--- START ---
Lemma sum_normr_dotp_le rs (C : K) N M (x f : 'I_N -> 'rV[K]_M) v w :
  (forall j, inH rs (x j)) -> (forall j, inH rs (f j)) ->
  unconditional_bound rs C x f -> inH rs v -> inH rs w ->
  \sum_j `|dotp v (f j)| * `|dotp (x j) w| <= C * hnorm v * hnorm w.
Proof.
move=> x_inH f_inH uncond v_inH w_inH.
pose z j := dotp v (f j) * dotp (x j) w.
have z_scalar j : is_scalar rs (z j).
  rewrite /is_scalar; case: rs x_inH f_inH v_inH w_inH {uncond} => // *.
  by rewrite rpredM // dotp_real.
have phase_ok j : is_scalar rs (phase (z j)) /\ `|phase (z j)| = 1.
  by rewrite phase_scalar ?normr_phase.
have := uncond v (fun j => phase (z j)) v_inH phase_ok.
set T := \sum_j _ => hT.
have dotpT : dotp T w = \sum_j `|z j|.
  by rewrite dotp_suml; apply: eq_bigr => j _; rewrite -mulrA phaseM.
have : `|dotp T w| <= C * hnorm v * hnorm w.
  by apply: le_trans (normr_dotp_le T w) _; apply: ler_wpM2r; [exact: hnorm_ge0 | exact: hT].
rewrite dotpT ger0_norm ?sumr_ge0 //.
by under eq_bigr => j _ do rewrite /z normrM.
Qed.

Definition sign_vec M (d : {ffun 'I_M -> bool}) : 'rV[K]_M :=
  \row_i (if d i then 1 else -1).

Lemma sign_vec_inH rs M (d : {ffun 'I_M -> bool}) : inH rs (sign_vec d).
Proof.
by move=> i; rewrite /is_scalar mxE; case: rs => //; case: (d i); rewrite ?rpredN rpred1.
Qed.

Lemma conj_sign_vec M (d : {ffun 'I_M -> bool}) i : ((sign_vec d) 0 i)^* = sign_vec d 0 i.
Proof. by rewrite mxE; case: (d i); rewrite ?rmorphN rmorph1. Qed.

Lemma hnorm_sign_vec M (d : {ffun 'I_M -> bool}) : hnorm (sign_vec d) = sqrtC M%:R.
Proof.
rewrite /hnorm /dotp (eq_bigr (fun _ => 1)) ?sumr_const ?card_ord // => i _.
by rewrite conj_sign_vec mxE; case: (d i); rewrite ?mulrNN mulr1.
Qed.

Lemma khintchine_sign_vec rs (K1 : K) M (a : 'rV[K]_M) :
  khintchine_const rs K1 -> inH rs a ->
  2 ^+ M * K1 * hnorm a <= \sum_(d : {ffun 'I_M -> bool}) `|dotp a (sign_vec d)|.
Proof.
move=> khin a_inH; have := khin M (fun i => a 0 i) a_inH.
have -> : \sum_(j < M) `|a 0 j| ^+ 2 = dotp a a.
  by apply: eq_bigr => j _; rewrite normCK.
have -> : \sum_(d : {ffun 'I_M -> bool}) `|\sum_(j < M) (if d j then 1 else -1) * a 0 j|
          = \sum_(d : {ffun 'I_M -> bool}) `|dotp a (sign_vec d)|.
  apply: eq_bigr => d _; congr `|_|; apply: eq_bigr => i _.
  by rewrite conj_sign_vec mxE mulrC.
by move=> avg_ge; rewrite -mulrA -ler_pdivlMl ?exprn_gt0.
Qed.

Lemma frame_trace_le rs (K1 C : K) N M (x f : 'I_N -> 'rV[K]_M) :
  0 < K1 -> khintchine_const rs K1 ->
  (forall j, inH rs (x j)) -> (forall j, inH rs (f j)) ->
  (forall j, hnorm (x j) = hnorm (f j)) -> unconditional_bound rs C x f ->
  K1 ^+ 2 * \sum_j dotp (f j) (f j) <= C * M%:R.
Proof.
move=> K1_gt0 khin x_inH f_inH hnorm_xf uncond.
pose signs := {ffun 'I_M -> bool}.
pose c : K := 2 ^+ M.
have c_gt0 : 0 < c by rewrite exprn_gt0.
pose a j := \sum_(d : signs) `|dotp (sign_vec d) (f j)|.
pose b j := \sum_(d : signs) `|dotp (x j) (sign_vec d)|.
have sum_ab : \sum_j a j * b j <= c * c * (C * M%:R).
  have -> : \sum_j a j * b j = \sum_(d : signs) \sum_(d' : signs)
      \sum_j `|dotp (sign_vec d) (f j)| * `|dotp (x j) (sign_vec d')|.
    under eq_bigr => j _ do rewrite /a /b mulr_suml; rewrite exchange_big.
    apply: eq_bigr => d _; under eq_bigr => j _ do rewrite mulr_sumr.
    by rewrite exchange_big.
  have -> : c * c * (C * M%:R) = \sum_(d : signs) \sum_(d' : signs) C * M%:R.
    by rewrite !sumr_const -mulrnA card_ffun card_bool card_ord -[RHS]mulr_natl natrM natrX.
  apply: ler_sum => d _; apply: ler_sum => d' _.
  apply: le_trans (sum_normr_dotp_le x_inH f_inH uncond (sign_vec_inH _ _) (sign_vec_inH _ _)) _.
  by rewrite !hnorm_sign_vec -mulrA -expr2 sqrtCK.
have ab_ge j : c * c * (K1 ^+ 2 * dotp (f j) (f j)) <= a j * b j.
  have -> : c * c * (K1 ^+ 2 * dotp (f j) (f j)) =
      (c * K1 * hnorm (f j)) * (c * K1 * hnorm (x j)) by rewrite hnorm_xf -hnorm_sqr; ring.
  have cK1_ge0 : 0 <= c * K1 := mulr_ge0 (ltW c_gt0) (ltW K1_gt0).
  apply: ler_pM; rewrite ?(mulr_ge0 cK1_ge0 (hnorm_ge0 _)) //.
  - rewrite /a; under eq_bigr => d _ do rewrite dotpC norm_conjC.
    exact: khintchine_sign_vec khin (f_inH j).
  - exact: khintchine_sign_vec khin (x_inH j).
rewrite -(ler_pM2l (mulr_gt0 c_gt0 c_gt0)) !mulr_sumr; apply: le_trans sum_ab.
exact: ler_sum.
Qed.

Lemma dotp_mx M (u v : 'rV[K]_M) : dotp u v = (u *m v ^t*) 0 0.
Proof. by rewrite dotpE dotmxE. Qed.

Lemma frame_mxE N M (y : 'I_N -> 'rV[K]_M) i k :
  frame_mx y i k = \sum_j (y j 0 i)^* * y j 0 k.
Proof. by rewrite mxE summxE; apply: eq_bigr => j _; rewrite mxE dotp_delta. Qed.

Lemma mul_frame_mx N M (y : 'I_N -> 'rV[K]_M) v : v *m frame_mx y = frame_op y v.
Proof.
apply/rowP => k; rewrite !mxE summxE.
under eq_bigr => i _ do rewrite frame_mxE mulr_sumr.
rewrite exchange_big; apply: eq_bigr => j _.
by rewrite mxE /dotp mulr_suml; apply: eq_bigr => i _; rewrite mulrA.
Qed.

Lemma frame_mx_trace N M (y : 'I_N -> 'rV[K]_M) :
  \tr (frame_mx y) = \sum_j dotp (y j) (y j).
Proof.
rewrite /mxtrace; under eq_bigr => i _ do rewrite frame_mxE.
by rewrite exchange_big; apply: eq_bigr => j _; apply: eq_bigr => i _; rewrite mulrC.
Qed.

Lemma frame_mx_adj N M (y : 'I_N -> 'rV[K]_M) : (frame_mx y) ^t* = frame_mx y.
Proof.
apply/matrixP => i k; rewrite mxE [_^T _ _]mxE !frame_mxE rmorph_sum; apply: eq_bigr => j _.
by rewrite rmorphM /= conjCK mulrC.
Qed.

Lemma frame_mx_form N M (y : 'I_N -> 'rV[K]_M) v :
  \sum_j `|dotp v (y j)| ^+ 2 = dotp (v *m frame_mx y) v.
Proof.
rewrite mul_frame_mx dotp_suml; apply: eq_bigr => j _.
by rewrite normCK -dotpC.
Qed.

Lemma eigenvalues_desc_char_poly M (S : 'M[K]_M) lam : eigenvalues_desc S lam ->
  char_poly S = \prod_(z <- map lam (iota 0 M)) ('X - z%:P).
Proof.
by move=> [-> _]; rewrite big_map -(big_mkord xpredT (fun i => 'X - (lam i)%:P)) /index_iota subn0.
Qed.

Lemma eigenvalues_desc_sum M (S : 'M[K]_M) lam : (0 < M)%N -> eigenvalues_desc S lam ->
  \sum_(i < M) lam i = \tr S.
Proof.
move=> M_gt0 hlam; apply/eqP; rewrite -eqr_opp -char_poly_trace //.
have := @coefPn_prod_XsubC _ (map lam (iota 0 M)).
rewrite size_map size_iota -lt0n -(eigenvalues_desc_char_poly hlam) => /(_ M_gt0) ->.
by rewrite big_map -(big_mkord xpredT lam) /index_iota subn0.
Qed.

Lemma eigenvalue_le_desc M (S : 'M[K]_M) lam a : eigenvalues_desc S lam ->
  eigenvalue S a -> a <= lam 0%N.
Proof.
move=> hlam; rewrite eigenvalue_root_char (eigenvalues_desc_char_poly hlam).
rewrite root_prod_XsubC => /mapP [k]; rewrite mem_iota add0n => /andP[_ kM] ->.
by case: hlam => _; apply; rewrite kM.
Qed.

Lemma normalmx_form_le M (S : 'M[K]_M) (m : K) v : S \is normalmx ->
  (forall a, eigenvalue S a -> a <= m) -> dotp (v *m S) v <= m * dotp v v.
Proof.
move=> /orthomx_spectralP S_diag eig_le.
set P := spectralmx S in S_diag; set d := spectral_diag S in S_diag.
have P_unitary : P \is unitarymx := spectral_unitarymx S.
have P_inv : invmx P = P^t* := invmx_unitary P_unitary.
have PtP : P^t* *m P = 1%:M by rewrite -P_inv mulVmx // spectral_unit.
have PPt : P *m P^t* = 1%:M by apply/unitarymxP.
have d_le i : d 0 i <= m.
  apply: eig_le; apply/eigenvalueP; exists (row i P).
    rewrite -row_mul S_diag P_inv !mulmxA PPt mul1mx mul_diag_mx.
    by apply/rowP => k; rewrite !mxE.
  apply/eqP => rowP0.
  have : row i (P *m P^t*) = row i 1%:M by rewrite PPt.
  rewrite row_mul rowP0 mul0mx => /rowP /(_ i); rewrite !mxE eqxx /= => /eqP.
  by rewrite eq_sym oner_eq0.
rewrite !dotp_mx; set z := v *m P^t*.
have zt : z ^t* = P *m v ^t* by rewrite /z trmx_mul map_mxM trmxCK.
have -> : v *m S *m v ^t* = z *m diag_mx d *m z ^t*.
  by rewrite zt S_diag P_inv /z !mulmxA.
have -> : v *m v ^t* = z *m z ^t*.
  by rewrite zt /z -mulmxA (mulmxA (P^t*) P) PtP mul1mx.
rewrite mul_mx_diag !mxE mulr_sumr; apply: ler_sum => i _.
rewrite !mxE mulrAC [m * _]mulrC; apply: ler_wpM2l; [exact: mul_conjC_ge0 | exact: d_le].
Qed.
--- END ---
■ Problem description ■
Working through the records above, copy each line in which "xpredT" is found.

■ Your response ■
by move=> [-> _]; rewrite big_map -(big_mkord xpredT (fun i => 'X - (lam i)%:P)) /index_iota subn0.
by rewrite big_map -(big_mkord xpredT lam) /index_iota subn0.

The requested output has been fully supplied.